Copy out, from the entries below, each line holding the string "Inductive".

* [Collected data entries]
============

(* Let $\varphi$ be a formula and $T$ a set of formulae of $\mathcal L$. There exist a set $Q$ of new predicate symbols (not in $\mathcal L$) and an order clausal theory $S^\varphi_T$ over $\mathcal L\cup Q$ such that: (i) for every interpretation $\mathfrak A$ for $\mathcal L$: ($\mathfrak A\models T$ and $\mathfrak A\not\models\varphi$) if and only if there exists an expansion $\mathfrak A'$ of $\mathfrak A$ to $\mathcal L\cup Q$ with $\mathfrak A'\models S^\varphi_T$; (ii) $T\models\varphi$ if and only if $S^\varphi_T$ is unsatisfiable; (iii) if $T$ is finite, then $Q$ is finite with $|Q|\le c\cdot(|T|+|\varphi|)$, $S^\varphi_T$ is finite and $|S^\varphi_T|\le c\cdot(|T|^2+|\varphi|^2)$, for an absolute constant $c$ (independent of $\mathcal L$, $T$, $\varphi$); (iv) $\mathrm{tcons}(S^\varphi_T)\setminus\{\bar0,\bar1\}\subseteq(\mathrm{tcons}(\varphi)\cup\mathrm{tcons}(T))\setminus\{\bar0,\bar1\}$.
   Context: First-order Gödel logic with truth constants. Fix a countable first-order language $\mathcal L$ and a countable set $C_{\mathcal L}$ with $\{0,1\}\subseteq C_{\mathcal L}\subseteq[0,1]$; for each $c\in C_{\mathcal L}$ there is a truth constant $\bar c$. Formulae are built from atoms and truth constants using $\neg$, $\Delta$, $\wedge,\vee,\rightarrow,\leftrightarrow$, $\eqcirc$ (equality), $\prec$ (strict order), $\forall,\exists$. An interpretation has a nonempty universe, ordinary functions and $[0,1]$-valued relations. Truth values under an assignment $e$: atoms by the relations; $\|\bar c\|=c$; $\|\neg\varphi\|=1$ if $\|\varphi\|=0$ else $0$; $\|\Delta\varphi\|=1$ if $\|\varphi\|=1$ else $0$; $\wedge=\min$, $\vee=\max$; $\|\varphi\to\psi\|=1$ if $\|\varphi\|\le\|\psi\|$ else $\|\psi\|$; $\|\varphi\leftrightarrow\psi\|=\min(\|\varphi\to\psi\|,\|\psi\to\varphi\|)$; $\|\varphi\eqcirc\psi\|=1$ if equal else $0$; $\|\varphi\prec\psi\|=1$ if $\|\varphi\|<\|\psi\|$ else $0$; $\forall=\inf$, $\exists=\sup$. $\mathcal I\models\varphi$ iff $\|\varphi\|^{\mathcal I}_e=1$ for all assignments $e$; $\mathcal I\models T$ iff $\mathcal I\models\psi$ for all $\psi\in T$; $T\models\varphi$ iff every interpretation for $\mathcal L$ that is a model of $T$ is a model of $\varphi$. For languages $\mathcal L_1\subseteq\mathcal L_2$, an interpretation for $\mathcal L_2$ is an expansion of one for $\mathcal L_1$ if they have the same universe and agree on the symbols of $\mathcal L_1$. Size: $|x|=1$ for a variable, $|f(t_1,\dots,t_n)|=|p(t_1,\dots,t_n)|=1+\sum|t_i|$; $|\bar c|=1$; $|\neg\varphi|=|\Delta\varphi|=1+|\varphi|$; $|\varphi\diamond\psi|=1+|\varphi|+|\psi|$; $|Qx\,\varphi|=2+|\varphi|$; $|T|=\sum_{\psi\in T}|\psi|$ for finite $T$. $\mathrm{tcons}(\cdot)$ is the set of truth constants occurring. Order clauses: a quantified atom is $Qx\,p(t_0,\dots,t_n)$ with $Q\in\{\forall,\exists\}$, $x$ occurring in $p(t_0,\dots,t_n)$, and for each $i$ either $t_i=x$ or $x$ does not occur in $t_i$. An order literal is $\varepsilon_1\diamond\varepsilon_2$, each $\varepsilon_i$ an atom, truth constant or quantified atom, $\diamond\in\{\eqcirc,\prec\}$. An order clause is a finite set of order literals ($\square$ = empty clause); $\mathcal I\models_e C$ iff some literal of $C$ has value $1$ under $e$; $\mathcal I\models C$ iff for all $e$; $\mathcal I\models S$ iff $\mathcal I\models C$ for all $C\in S$; $S$ is satisfiable iff it has a model. $|C|=\sum_{l\in C}|l|$, $|S|=\sum_{C\in S}|C|$. *)

From mathcomp Require Import all_boot all_order all_algebra.
From mathcomp Require Import boolp classical_sets reals.
From mathcomp Require Export Rstruct.
From Stdlib Require List.
Set Implicit Arguments. Unset Strict Implicit. Unset Printing Implicit Defensive.
Import Order.TTheory GRing.Theory Num.Theory.
Local Open Scope ring_scope.

(** Symbols (function or predicate) are pairs (name, arity). *)
Definition sym := (nat * nat)%type.
Definition arity (s : sym) : nat := s.2.

Inductive term := Var of nat | Fn of sym & seq term.

Inductive formula (R : Type) :=
| Atom of sym & seq term
| Cst of R
| Neg of formula R
| Dlt of formula R
| Conj of formula R & formula R
| Disj of formula R & formula R
| Imp of formula R & formula R
| Iff of formula R & formula R
| Eqc of formula R & formula R
| Prec of formula R & formula R
| All of nat & formula R
| Ex of nat & formula R.
Arguments Cst {R}.
Arguments Atom {R}.

Record language := Lang { Lfun : sym -> Prop; Lpred : sym -> Prop }.

Fixpoint wf_term (Lf : sym -> Prop) (t : term) : Prop :=
  match t with
  | Var _ => True
  | Fn f ts => Lf f /\ size ts = arity f /\
      (fix go (ts : seq term) : Prop :=
         match ts with [::] => True | t :: ts => wf_term Lf t /\ go ts end) ts
  end.

Fixpoint wf_form R (Lf Lp : sym -> Prop) (CL : R -> Prop) (f : formula R) : Prop :=
  match f with
  | Atom p ts => Lp p /\ size ts = arity p /\ List.Forall (wf_term Lf) ts
  | Cst c => CL c
  | Neg a | Dlt a | All _ a | Ex _ a => wf_form Lf Lp CL a
  | Conj a b | Disj a b | Imp a b | Iff a b | Eqc a b | Prec a b =>
      wf_form Lf Lp CL a /\ wf_form Lf Lp CL b
  end.

Fixpoint tsize (t : term) : nat :=
  match t with
  | Var _ => 1
  | Fn _ ts => 1 + (fix go (ts : seq term) : nat :=
                      match ts with [::] => 0 | t :: ts => tsize t + go ts end) ts
  end%N.

Fixpoint fsize R (f : formula R) : nat :=
  match f with
  | Atom _ ts => 1 + sumn (map tsize ts)
  | Cst _ => 1
  | Neg a | Dlt a => 1 + fsize a
  | Conj a b | Disj a b | Imp a b | Iff a b | Eqc a b | Prec a b =>
      1 + fsize a + fsize b
  | All _ a | Ex _ a => 2 + fsize a
  end%N.

Fixpoint tcons R (f : formula R) : seq R :=
  match f with
  | Atom _ _ => [::]
  | Cst c => [:: c]
  | Neg a | Dlt a | All _ a | Ex _ a => tcons a
  | Conj a b | Disj a b | Imp a b | Iff a b | Eqc a b | Prec a b =>
      tcons a ++ tcons b
  end.

(** interpretations over a universe D (nonemptiness of D is required separately) *)
Record interp (R : realType) (D : Type) := Interp {
  ifun : sym -> seq D -> D;
  ipred : sym -> seq D -> R;
  ipred01 : forall p ds, 0 <= ipred p ds <= 1 }.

============

* [Solution]
Inductive term := Var of nat | Fn of sym & seq term.
Inductive formula (R : Type) :=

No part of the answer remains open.